Here is a thought that just blew my mind. mySQL CSV storage engine is
essentially one of the functions of hadoop-hive. Imagine a type of
"auto replication" that could store the same data in mysql and in
hadoop-hive. You would be able to support short term mysql queries and
long running Hive queries over the same dataset...

Re: Hadoop / MySQL

[Todd Lipcon <to...@cloudera.com>]

On Wed, Apr 29, 2009 at 12:25 PM, Edward Capriolo <ed...@gmail.com>wrote:

>
>
> The .frm and .myd are binary platform dependent files. You can not
> even move them from 32bit-64bit. Generating them without native tools
> would be difficult. Moving then around with HDFS might have merit,
> although the RSYNC could accomplish the same thing.
>

Nope -- MyISAM data files are completely compatible between 32-bit and
64-bit as well as different different architectures. From the MySQL manual:

"All data values are stored with the low byte first. This makes the data
machine and operating system independent. The only requirements for binary
portability are that the machine uses two's-complement signed integers and
IEEE floating-point format. These requirements are widely used among
mainstream machines. Binary compatibility might not be applicable to
embedded systems, which sometimes have peculiar processors."



> Derby-DB might be a better candidate for something like this since the
> underlying DB is cross platform.
>

Yep, but for shops that already have a big MySQL infrastructure, it makes
sense not to introduce more software.

-Todd

Re: Hadoop / MySQL

[Edward Capriolo <ed...@gmail.com>]

On Wed, Apr 29, 2009 at 2:48 PM, Todd Lipcon <to...@cloudera.com> wrote:
> On Wed, Apr 29, 2009 at 7:19 AM, Stefan Podkowinski <sp...@gmail.com>wrote:
>
>> If you have trouble loading your data into mysql using INSERTs or LOAD
>> DATA, consider that MySQL supports CSV directly using the CSV storage
>> engine.

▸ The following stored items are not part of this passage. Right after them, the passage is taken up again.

(* The second component holds the states reached by M2 from every split point at
   which the prefix read so far is accepted by M1. *)
Definition dfa_cat : dfa X :=
  @Dfa X (dfa_state M1 * {set dfa_state M2})%type
    (dfa_start M1, enter (dfa_start M1))
    (fun s => [exists q in s.2, dfa_final q])
    (fun s x => let s1 := dfa_trans s.1 x in
                (s1, [set dfa_trans q x | q in s.2] :|: enter s1)).

Lemma dfa_cat_run s P w :
  dfa_final (dfa_run dfa_cat (s, P) w) <->
  (exists2 q, q \in P & dfa_final (dfa_run M2 q w)) \/
  exists u v, [/\ w = u ++ v, u != [::], dfa_final (dfa_run M1 s u) & dfa_accepts M2 v].
Proof.
elim: w s P => [|x w IH] s P /=.
  split=> [/existsP [q /andP [Pq fq]]|[[q Pq fq]|[[|y u] [v []]]]] //.
    by left; exists q.
  by apply/existsP; exists q; rewrite Pq fq.
rewrite IH; split.
- case=> [[q /setUP [/imsetP [p Pp ->]|qe] fq]|[u [v [-> u0 fu fv]]]].
  + by left; exists p.
  + move: qe; rewrite /enter; case: ifP => [f1 /set1P eq_q|_]; last by rewrite inE.
    right; exists [:: x], w.
    by split; rewrite // /dfa_accepts -eq_q.
  + by right; exists (x :: u), v.
- case=> [[q Pq fq]|[[|y u] [v [//= [<- ->] _ fu fv]]]].
  + by left; exists (dfa_trans q x) => //; apply/setUP; left; apply: imset_f.
  + case: u fu => [|z u] fu.
      left; exists (dfa_start M2); last exact: fv.
      by rewrite /enter fu !inE eqxx orbT.
    by right; exists (z :: u), v.
Qed.

End Concatenation.

Lemma regular_cat L1 L2 : regular L1 -> regular L2 -> regular (lcat L1 L2).
Proof.
move=> [M1 H1] [M2 H2]; exists (dfa_cat M1 M2) => w.
rewrite /dfa_accepts dfa_cat_run; split.
- case=> [[q]|[u [v [-> _ fu fv]]]]; last by exists u, v; split; [|apply/H1|apply/H2].
  case: ifP => [f1 /set1P -> fw|_]; last by rewrite inE.
  by exists [::], w; split; [|apply/H1|apply/H2].
- case=> [[|x u] [v [-> Lu Lv]]]; [left | right].
  + exists (dfa_start M2); last by apply/H2.
    by move/H1: Lu; rewrite /dfa_accepts => ->; rewrite inE.
  + by exists (x :: u), v; split => //; [apply/H1 | apply/H2].
Qed.

Lemma dfa_run_short M s w : dfa_final (dfa_run M s w) ->
  exists2 z, size z < #|dfa_state M| & dfa_final (dfa_run M s z).
Proof.
move: {2}(size w) (leqnn (size w)) => n; elim: n w => [|n IH] w le_wn fw.
  by case: w le_wn fw => // _ fw; exists [::] => //; apply/card_gt0P; exists s.
have [small|big] := ltnP (size w) #|dfa_state M|; first by exists w.
pose states := [seq dfa_run M s (take i w) | i <- iota 0 (size w).+1].
have /(uniqPn s) [i [j [lt_ij lt_j eq_ij]]] : ~~ uniq states.
  apply/negP => /card_uniqP card_states.
  by have := max_card (mem states); rewrite card_states size_map size_iota; lia.
rewrite size_map size_iota in lt_j; have lt_i := ltn_trans lt_ij lt_j.
rewrite !(nth_map 0) ?size_iota ?nth_iota // ?add0n in eq_ij.
apply: (IH (take i w ++ drop j w)).
- rewrite size_cat size_take size_drop; case: ifP => h; lia.
- by rewrite dfa_run_cat eq_ij -dfa_run_cat cat_take_drop.
Qed.

End RegularLanguages.

Section Padding.
Variable T : Type.
Implicit Types u v : seq T.

Lemma pad_cat u1 u2 v1 v2 : size u1 = size v1 ->
  pad (u1 ++ u2) (v1 ++ v2) = pad u1 v1 ++ pad u2 v2.
Proof.
move=> eq_size; rewrite /pad !size_cat eq_size !subnDl subnn !cats0 !map_cat -!catA.
by rewrite zip_cat ?size_map.
Qed.

Lemma pad_cons x y u v : pad (x :: u) (y :: v) = (Some x, Some y) :: pad u v.
Proof. by rewrite /pad /= !subSS. Qed.

Lemma pad_nil_l v : pad [::] v = [seq (None, Some y) | y <- v].
Proof. by rewrite /pad subn0; elim: v => //= y v ->. Qed.

Lemma pad_nil_r u : pad u [::] = [seq (Some x, None) | x <- u].
Proof. by rewrite /pad subn0 cats0; elim: u => //= x u ->. Qed.

Lemma pad_diag u : pad u u = [seq (Some x, Some x) | x <- u].
Proof. by rewrite /pad subnn !cats0; elim: u => //= x u ->. Qed.

Let pmap_pad u d : pmap id (map Some u ++ nseq d None) = u.
Proof. by rewrite pmap_cat (map_pK (g := Some)) //; elim: d => //; rewrite cats0. Qed.

Lemma pad_catr u v :
  pad u (u ++ v) = [seq (Some x, Some x) | x <- u] ++ [seq (None, Some y) | y <- v].
Proof. by rewrite -[u in pad u]cats0 pad_cat // pad_diag pad_nil_l. Qed.

Lemma pad_unzip1 u v : pmap id (unzip1 (pad u v)) = u.
Proof. by rewrite unzip1_zip ?pmap_pad // !size_cat !size_map !size_nseq; lia. Qed.

Lemma pad_unzip2 u v : pmap id (unzip2 (pad u v)) = v.
Proof. by rewrite unzip2_zip ?pmap_pad // !size_cat !size_map !size_nseq; lia. Qed.

Lemma pad_cat_suffix u v z u' v' : pad u v ++ z = pad u' v' ->
  exists r r', [/\ u' = u ++ r, v' = v ++ r', size r <= size z & size r' <= size z].
Proof.
move=> eq_pad; exists (pmap id (unzip1 z)), (pmap id (unzip2 z)).
have size_z (f : option T * option T -> option T) : size (pmap id (map f z)) <= size z.
  by rewrite size_pmap (leq_trans (count_size _ _)) ?size_map.
split; rewrite ?size_z //.
- by rewrite -(pad_unzip1 u' v') -eq_pad /unzip1 map_cat pmap_cat pad_unzip1.
- by rewrite -(pad_unzip2 u' v') -eq_pad /unzip2 map_cat pmap_cat pad_unzip2.
Qed.

Lemma take_pad t u v : take t (pad u v) = pad (take t u) (take t v).
Proof.
elim: t u v => [|t IH] [|x u] [|y v] //;
  by rewrite ?pad_cons ?pad_nil_l ?pad_nil_r /= ?pad_cons ?pad_nil_l ?pad_nil_r -?map_take ?IH.
Qed.

End Padding.

Section Congruence.
Variables (Sigma : eqType) (R : seq (seq Sigma * seq Sigma)).

Lemma pcong_ctx x y u v : pcong R u v -> pcong R (x ++ u ++ y) (x ++ v ++ y).
Proof.
elim=> {u v} [u|u v _ IH|u v w _ IH1 _ IH2|x0 y0 r Rr].
- exact: pcong_refl.
- exact: pcong_sym.
- exact: pcong_trans IH2.
- have e s : x ++ (x0 ++ s ++ y0) ++ y = (x ++ x0) ++ s ++ (y0 ++ y) by rewrite !catA.
  by rewrite !e; apply: pcong_rel.
Qed.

The only thing you have to do is to copy your hadoop produced
>> csv file into the mysql data directory and issue a "flush tables"
>> command to have mysql flush its caches and pickup the new file. Its
>> very simple and you have the full set of sql commands available just
>> as with innodb or myisam. What you don't get with the csv engine are
>> indexes and foreign keys. Can't have it all, can you?
>>
>
> The CSV storage engine is definitely an interesting option, but it has a
> couple downsides:
>
> - Like you mentioned, you don't get indexes. This seems like a huge deal to
> me - the reason you want to load data into MySQL instead of just keeping it
> in Hadoop is so you can service real-time queries. Not having any indexing
> kind of defeats the purpose there. This is especially true since MySQL only
> supports nested-loop joins, and there's no way of attaching metadata to a
> CSV table to say "hey look, this table is already in sorted order so you can
> use a merge join".
>
> - Since CSV is a text based format, it's likely to be a lot less compact
> than a proper table. For example, a unix timestamp is likely to be ~10
> characters vs 4 bytes in a packed table.
>
> - I'm not aware of many people actually using CSV for anything except
> tutorials and training. Since it's not in heavy use by big mysql users, I
> wouldn't build a production system around it.
>
> Here's a wacky idea that I might be interested in hacking up if anyone's
> interested:
>
> What if there were a MyISAMTableOutputFormat in hadoop? You could use this
> as a reducer output and have it actually output .frm and .myd files onto
> HDFS, then simply hdfs -get them onto DB servers for realtime serving.
> Sounds like a fun hack I might be interested in if people would find it
> useful. Building the .myi indexes in Hadoop would be pretty killer as well,
> but potentially more difficult.
>
> -Todd
>

The .frm and .myd are binary platform dependent files. You can not
even move them from 32bit-64bit. Generating them without native tools
would be difficult. Moving then around with HDFS might have merit,
although the RSYNC could accomplish the same thing.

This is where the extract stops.